陈瑛配合着用力地摇头:“我爸爸是培生哥的中学老师,虽然我们之前认识,但不是表婶你想的那种关系。培生哥中学毕业去考了黄埔五期,之后就再没回过家。上个月来消息说他编进南京的教导总队,他家里人担心他吃不惯这边的菜,就托我带来了一罐辣椒酱。”
“哦,”
夏青对于这样的回答显得很是失望,但仅停顿片刻又马上恢复精神,问:“他叫培生啊,姓什么?”
“姓姜,姜培生。”
陈瑛回答。
“名字怪好听的哦,你……”
夏青还想继续说,却被陈彦达打断:“行了行了,乱打听人家干什么!我们家又不会跟那些当兵的扯上有什么关系。”

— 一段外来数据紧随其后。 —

(* Let $n \ge 1$ and $N = 2^n$. Let $B_0(N) = \pi_N^{-1}\left(\left\{\begin{pmatrix} * & * \\ 0 & * \end{pmatrix}\right\}\right) \subseteq \mathrm{GL}_2(\hat{\mathbb{Z}})$ be the Borel subgroup of level $N$ and $C_{ns}(N)$ the nonsplit Cartan subgroup of level $N$. Then $B_0(N)$ and $C_{ns}(N)$ are independent in $\mathrm{GL}_2(\hat{\mathbb{Z}})$, i.e. $[\mathrm{GL}_2(\hat{\mathbb{Z}}):B_0(N)\cap C_{ns}(N)] = [\mathrm{GL}_2(\hat{\mathbb{Z}}):B_0(N)]\,[\mathrm{GL}_2(\hat{\mathbb{Z}}):C_{ns}(N)]$; but for $n>1$ they are not geometrically independent, i.e. for $n > 1$, $[\mathrm{SL}_2(\hat{\mathbb{Z}}):B_0(N)\cap C_{ns}(N)\cap\mathrm{SL}_2(\hat{\mathbb{Z}})] \neq [\mathrm{SL}_2(\hat{\mathbb{Z}}):B_0(N)\cap\mathrm{SL}_2(\hat{\mathbb{Z}})]\,[\mathrm{SL}_2(\hat{\mathbb{Z}}):C_{ns}(N)\cap\mathrm{SL}_2(\hat{\mathbb{Z}})]$.
   Context: $\hat{\mathbb{Z}} = \varprojlim_N \mathbb{Z}/N\mathbb{Z}$ and $\pi_N:\mathrm{GL}_2(\hat{\mathbb{Z}})\to \mathrm{GL}_2(\mathbb{Z}/N\mathbb{Z})$ is reduction. Nonsplit Cartan subgroup: let $R$ be an imaginary quadratic order in which every prime dividing $N$ (here, $2$) is inert, with an optimal embedding $\iota: R \to M_2(\mathbb{Z})$ and its reduction $\iota_N: R \to M_2(\mathbb{Z}/N\mathbb{Z})$; then $C_{ns}(N) = \pi_N^{-1}(\iota_N(R)^* )$, which is well defined up to conjugation in $\mathrm{GL}_2(\hat{\mathbb{Z}})$. *)

From mathcomp Require Import all_boot all_order all_algebra.


Import GRing.Theory Num.Theory.
Local Open Scope ring_scope.

(* Z/NZ for N >= 2 is 'Z_N.  Levels are indexed by n with N = n.+2
   (level 1 is trivial and can be omitted from the inverse limit). *)

Definition zred (m n : nat) (x : 'Z_n) : 'Z_m := (nat_of_ord x)%:R.

(* GL_2(Zhat) = lim_N GL_2(Z/NZ): compatible families of invertible
   2x2 matrices over Z/NZ, N >= 2, indexed by divisibility. *)
Definition GL2hat : Type :=
  { g : forall n : nat, 'M['Z_(n.+2)]_2 |
      (forall n, g n \in unitmx) /\
      (forall m n, (m.+2 %| n.+2)%N -> g m = map_mx (zred m.+2 n.+2) (g n)) }.

(* the component of g at level N (meaningful for N >= 2), i.e. pi_N g *)
Definition lvl (g : GL2hat) (N : nat) : 'M['Z_((N.-2).+2)]_2 := sval g N.-2.

Definition in_coset (r h x : GL2hat) : Prop :=
  forall n, sval x n = sval r n *m sval h n.

Definition has_index (G H : GL2hat -> Prop) (k : nat) : Prop :=
  (forall h, H h -> G h) /\
  exists r : 'I_k -> GL2hat,
    (forall i, G (r i)) /\
    (forall x, G x -> exists! i, exists h, H h /\ in_coset (r i) h x).

Definition GL2 : GL2hat -> Prop := fun _ => True.

Definition SL2 : GL2hat -> Prop := fun g => forall n, \det (sval g n) = 1.

Definition B0 (N : nat) : GL2hat -> Prop := fun g => lvl g N ord_max ord0 = 0.

(* An imaginary quadratic order R = Z[w] with optimal embedding
   iota : R -> M_2(Z) is determined by M = iota(w) in M_2(Z):
   iota(R) = Z + Z M. *)
Definition imag_quadratic_order_emb (M : 'M[int]_2) : Prop :=
  (* R = Z[x]/(x^2 - tr x + det) is an imaginary quadratic order *)
  (\tr M) ^+ 2 - 4 * \det M < 0.

(* optimality: iota(K) ∩ M_2(Z) = iota(R), i.e. (a + bM)/k integral => k | a, b *)
Definition optimal_emb (M : 'M[int]_2) : Prop :=
  forall a b k : int, k != 0 ->
    (forall i j, (k %| (a%:M + b *: M) i j)%Z) -> (k %| a)%Z /\ (k %| b)%Z.

(* 2 is inert in R = Z[x]/(x^2 - t x + q): R/2R = F_2[x]/(x^2 - t x + q) is a
   field, i.e. the polynomial has no root mod 2. *)
Definition two_inert (M : 'M[int]_2) : Prop :=
  forall x : int, ~~ (2 %| x ^+ 2 - \tr M * x + \det M)%Z.

Definition iotaN (N : nat) (M : 'M[int]_2) (A : 'M['Z_((N.-2).+2)]_2) : Prop :=
  exists a b : 'Z_((N.-2).+2),
    A = a%:M + b *: map_mx (fun z : int => z%:~R) M.

(* nonsplit Cartan of level N: pi_N^{-1}(iota_N(R)^* ); note pi_N g is
   already invertible, and an invertible element of the finite subring
   iota_N(R) is a unit of it. *)
Definition Cns (N : nat) (M : 'M[int]_2) : GL2hat -> Prop :=
  fun g => iotaN N M (lvl g N).

Definition cap (P Q : GL2hat -> Prop) : GL2hat -> Prop := fun g => P g /\ Q g.

(* Every group involved contains the kernel of the reduction to level N = 2^n, and
   reduction maps GL_2(Zhat) and SL_2(Zhat) onto GL_2(Z/N) and SL_2(Z/N), so all indices
   may be computed in these finite groups.  There, for subgroups B, C of G,
   [G : B :&: C] = [G : B] [G : C] holds exactly when G = C B.  Since 2 is inert, the
   Cartan group acts transitively on unimodular first columns, whence GL_2 = C B.  In
   SL_2, the first column of c b is b_00 times that of c with det c = 1, so the norm
   attached to that column is the square of a unit; squares are 0 or 1 mod 4, whereas
   the norm form of an inert order takes the value 3 mod 4, which produces an element
   of SL_2(Z/2^n) outside C B once n > 1. *)

From HB Require Import structures.
From mathcomp Require Import all_boot all_order all_algebra all_fingroup.
From mathcomp Require Import cyclic.
From mathcomp Require Import ring zify.
Import GRing.Theory Num.Theory.

Set Implicit Arguments.
Unset Strict Implicit.
Unset Printing Implicit Defensive.

Lemma totient_leq n : totient n <= n.
Proof.
rewrite totient_count_coprime.
apply: (@leq_trans (\sum_(0 <= d < n) 1)%N); first by apply: leq_sum => i _; apply: leq_b1.
by rewrite sum_nat_const_nat muln1 subn0.
Qed.

Lemma expn2D_fact_mod m a b : 0 < m -> m <= a -> m`! %| b -> 2 ^ (a + b) = 2 ^ a %[mod m].
Proof.
move=> m_gt0 le_ma fact_b.
apply/eqP; rewrite -(partnC 2 m_gt0) chinese_remainder ?coprime_partC //.
apply/andP; split.
  have part2_dvd : m`_2 %| 2 ^ a.
    rewrite p_part dvdn_exp2l // (leq_trans _ le_ma) // ltnW //.
    by apply: leq_trans (ltn_expl _ (isT : 1 < 2)) _; rewrite -p_part dvdn_leq // dvdn_part.
  by rewrite expnD (eqP part2_dvd) (eqP (dvdn_mulr _ part2_dvd)).
set m' := m`_(2^').
have m'_coprime : coprime 2 m'.
  by apply: (pnat_coprime (pnat_id (isT : prime 2))); apply: part_pnat.
have /dvdnP[k ->] : totient m' %| b.
  apply: dvdn_trans fact_b; apply: dvdn_fact; rewrite totient_gt0 part_gt0 /=.
  by rewrite (leq_trans (totient_leq m')) // dvdn_leq // dvdn_part.
rewrite expnD -modnMmr [k * _]mulnC expnM -modnXm (Euler_exp_totient m'_coprime).
by rewrite modnXm exp1n modnMmr muln1.
Qed.

Section CosetIndex.
Local Open Scope group_scope.

Lemma indexgI_mul (gT : finGroupType) (G B C : {group gT}) :
  B \subset G -> C \subset G ->
  (#|G : B :&: C| == #|G : B| * #|G : C|)%N = (G \subset C * B).
Proof.
move=> sBG sCG; have sCBG : C * B \subset G by rewrite mul_subG.
have LB := Lagrange sBG; have LC := Lagrange sCG.
have LI : (#|B :&: C| * #|G : B :&: C|)%N = #|G|.
  exact: Lagrange (subset_trans (subsetIl B C) sBG).
have I_gt0 : (0 < #|B :&: C|)%N := cardG_gt0 (B :&: C)%G.
have MCB := mul_cardG C B; rewrite setIC in MCB.
have key : muln (muln #|G : B| #|G : C|) #|C * B| = muln #|G| #|G : B :&: C|.
  apply/eqP; rewrite -(eqn_pmul2l I_gt0); apply/eqP.
  rewrite [RHS]mulnCA LI -{1}LB -LC mulnACA [(#|B| * _)%N]mulnC MCB; lia.
have cardCB : (#|C * B| == #|G|) = (G \subset C * B) := (subset_leqif_card sCBG).2.
have idx_gt0 : (0 < #|G : B| * #|G : C|)%N by rewrite muln_gt0 !indexg_gt0.
rewrite -cardCB; apply/eqP/eqP => E; apply/eqP.
  by rewrite -(eqn_pmul2l idx_gt0) key E mulnC.
by rewrite -(eqn_pmul2l (cardG_gt0 G)) -key E mulnC.
Qed.

Lemma lcosets_enum (gT : finGroupType) (G H : {group gT}) : H \subset G ->
  exists r : 'I_#|G : H| -> gT,
    (forall i, r i \in G) /\ (forall x, x \in G -> exists! i, x \in r i *: H).
Proof.
move=> sHG; rewrite -card_lcosets; set L := lcosets H G.
have reprL Y : Y \in L -> repr Y \in G /\ Y = repr Y *: H.
  case/lcosetsP => y yG ->; have /lcosetP[h hH ->] := mem_repr _ (lcoset_refl H y).
  by rewrite lcosetM (lcoset_id hH) groupM // (subsetP sHG).
exists (fun i => repr (enum_val i)); split=> [i | x xG].
  exact: (reprL _ (enum_valP i)).1.
have xL : x *: H \in L by rewrite mem_lcosets mulGSid.
exists (enum_rank_in xL (x *: H)); split=> [|i x_i].
  by rewrite enum_rankK_in // -(reprL _ xL).2 lcoset_refl.
apply: enum_val_inj; rewrite enum_rankK_in // {1}(reprL _ (enum_valP i)).2.
by apply/esym/lcoset_eqP; rewrite lcoset_sym.
Qed.

End CosetIndex.

Local Open Scope ring_scope.

Definition zredr {m n} of (m.+2 %| n.+2)%N : 'Z_n.+2 -> 'Z_m.+2 := zred m.+2 n.+2.

Section ZpReduction.
Variables (m n : nat) (mn : (m.+2 %| n.+2)%N).
Local Notation zredr := (@zredr m n mn).

Lemma zredr_nat k : zredr k%:R = k%:R.
Proof.
rewrite /zredr /zred /= val_Zp_nat // -(Zp_nat_mod (isT : (1 < m.+2)%N)).
by rewrite modn_dvdm // Zp_nat_mod.
Qed.

Lemma zredr_is_nmod_morphism : nmod_morphism zredr.
Proof.
split=> [|x y]; first exact: (zredr_nat 0).
by rewrite -[x]natr_Zp -[y]natr_Zp -natrD !zredr_nat natrD.
Qed.

HB.instance Definition _ := GRing.isNmodMorphism.Build 'Z_n.+2 'Z_m.+2 zredr
  zredr_is_nmod_morphism.

Lemma zredr_is_monoid_morphism : monoid_morphism zredr.
Proof.
split=> [|x y]; first exact: (zredr_nat 1).
by rewrite -[x]natr_Zp -[y]natr_Zp -natrM !zredr_nat natrM.
Qed.

HB.instance Definition _ := GRing.isMonoidMorphism.Build 'Z_n.+2 'Z_m.+2 zredr
  zredr_is_monoid_morphism.

End ZpReduction.

Lemma pchar_Z2 : 2%N \in [pchar 'Z_2].
Proof. exact: pchar_Fp. Qed.

Lemma Z2_norm_eq0 (a b : 'Z_2) : (a ^+ 2 + a * b + b ^+ 2 == 0) = (a == 0) && (b == 0).
Proof. by case: a => [[|[|?]] ?]; case: b => [[|[|?]] ?]. Qed.

Lemma Z4_sqr_neq3 (x : 'Z_4) : x ^+ 2 != 3%:R.
Proof. by case: x => [[|[|[|[|?]]]] ?]. Qed.

Notation zred42 := (zredr (isT : (2 %| 4)%N)).

Lemma Z4_norm_eq3 (t q : 'Z_4) : zred42 t = 1 -> zred42 q = 1 ->
  exists z : 'Z_4, z ^+ 2 + z * t + q = 3%:R.
Proof.
case: t => [[|[|[|[|?]]]] ?] //; case: q => [[|[|[|[|?]]]] ?] // /eqP ? /eqP ? //.
all: first [by exists 0; apply/eqP | by exists 2%:R; apply/eqP].
Qed.

Section Matrix2.
Context {R : comPzRingType}.
Implicit Types (A B : 'M[R]_2) (a b c d : R).

Lemma det_mx2 A : \det A = A 0 0 * A 1 1 - A 0 1 * A 1 0.
Proof.
rewrite (expand_det_row _ 0) !big_ord_recl big_ord0 /cofactor !det_mx11 !mxE /=.
rewrite addr0 expr0 expr1 mul1r mulN1r mulrN.
by congr (A _ _ * A _ _ - A _ _ * A _ _); apply: val_inj.
Qed.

“那可不好讲,再说人家不是大头兵,你刚才听见了!人家是当官的。”
夏青说。
“一个小兵头子,”
陈彦达毫不掩饰地表达着自己的不满,他眉头拱起来说:“婉萍,瑛子,我同你们讲,咱们是正经书香门第,不能跟那些小兵头子乱来的!离他们最好都远远的,要找男朋友就去大学找。当然你们是女大,我知道,但如果有想法可以跟我说,我去中央大学帮你们介绍都可以,好不好?”
“爸爸,说什么呢呀!”
婉萍拖长着声音抱怨,抱着胳膊走到陈瑛身边,说:“表姐,你不要听我爸爸乱讲!都什么跟什么!我俩像嫁不出去的老姑娘那么着急找男人吗?”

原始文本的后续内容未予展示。